◆ WHAT YOU ARE ASKED TO DO
Some of the lines below need repeating. Reproduce exactly those between the lines holding "(subcomps (g i.+1) W)." and "have := congr1", inclusive.

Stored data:
*****

Lemma mup_char_small_comp i C (l : R) : C \in comps (g i) -> (#|C| < 2)%N ->
  mup l (char_poly_on C (adjf (g i))) = ((reg (g i) C)%:R == l).
Proof.
move=> CP C1; have [v Cv] : exists v, C = [set v].
  by apply/cards1P; rewrite eqn_leq -ltnS C1 lt0n cards_eq0 (comps_neq0 CP).
have gv0 t : g i v t = false.
  apply: contraTF (set11 v) => gvt; have := comps_closed (gcol_sym i) CP _ gvt.
  by rewrite Cv => /(_ (set11 v)) /set1P tv; move: gvt; rewrite tv gcol_irr.
rewrite Cv char_poly_on_set1 mup_XsubC /adjf gv0 /reg.
case: pickP => [u /set1P -> | //]; rewrite /deg.
by under eq_finset do rewrite gv0; rewrite cards0.
Qed.

(* The multiplicity of l in sigma(A(g_h(i+1), h)) / reg(g_h^+(i+1)), for H = h. *)
Definition quot_term i (l : R) (H : {set {set V}}) : int :=
  (spec_mult (quot_mx R e c i H) l)%:Z -
  (#|[set C in H | (2 <= #|C|)%N && ((reg (g i.+1) C)%:R == l)]|)%:Z.

Definition comp_spec_mult i (l : R) : int :=
  \sum_(W in comps (g i) | (1 < #|W|)%N) (mup l (char_poly_on W (adjf (g i))))%:Z.

Lemma mup_comp_split i W l : (0 < i)%N -> W \in comps (g i) ->
  (mup l (char_poly_on W (adjf (g i))))%:Z =
  \sum_(C in subcomps (g i.+1) W | (1 < #|C|)%N) (mup l (char_poly_on C (adjf (g i.+1))))%:Z
  + quot_term i l (subcomps (g i.+1) W).
Proof.
move=> i_gt0 WP; set H := subcomps (g i.+1) W.
have inH C : C \in H -> C \in comps (g i.+1) by rewrite inE => /andP[].
have := congr1 (mup l) (char_poly_comp_join i_gt0 WP).
rewrite -/H !mupM ?monic_neq0 ?char_poly_on_monic ?char_poly_monic ?monic_prod_XsubC //;
  last by apply: monic_prod => C _; apply: char_poly_on_monic.
rewrite !mup_prod => [|C _|C _]; [| by rewrite polyXsubC_eq0 | exact: char_poly_on_neq0].
under eq_bigr do rewrite mup_XsubC.
have split_small (F : {set V} -> nat) : (\sum_(C in H) F C =
    \sum_(C in H | 1 < #|C|) F C + \sum_(C in H | ~~ (1 < #|C|)) F C)%N.
  exact: bigID.
have small : (\sum_(C in H | ~~ (1 < #|C|)) mup l (char_poly_on C (adjf (g i.+1))) =
    \sum_(C in H | ~~ (1 < #|C|)) ((reg (g i.+1) C)%:R == l))%N.
  by apply: eq_bigr => C /andP[CH C1]; rewrite mup_char_small_comp ?inH // ltnS leqNgt.
rewrite !split_small small /quot_term card_setI_cond -(big_morph Posz PoszD erefl).
rewrite /spec_mult => E; apply/eqP; rewrite addrA eq_sym subr_eq -!PoszD eqz_nat.
(* [set] also abstracts the copies elaborated through other instance paths of R. *)
set M := (\sum_(C in H | _) mup l _)%N in E *; set q := mup l (char_poly _) in E *.
by move: E; rewrite addnA [(M + _ + q)%N]addnAC => /eqP; rewrite eqn_add2r => /eqP ->.
Qed.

*****

◆ SOLUTION FOR THIS TASK
  + quot_term i l (subcomps (g i.+1) W).
Proof.
move=> i_gt0 WP; set H := subcomps (g i.+1) W.
have inH C : C \in H -> C \in comps (g i.+1) by rewrite inE => /andP[].
have := congr1 (mup l) (char_poly_comp_join i_gt0 WP).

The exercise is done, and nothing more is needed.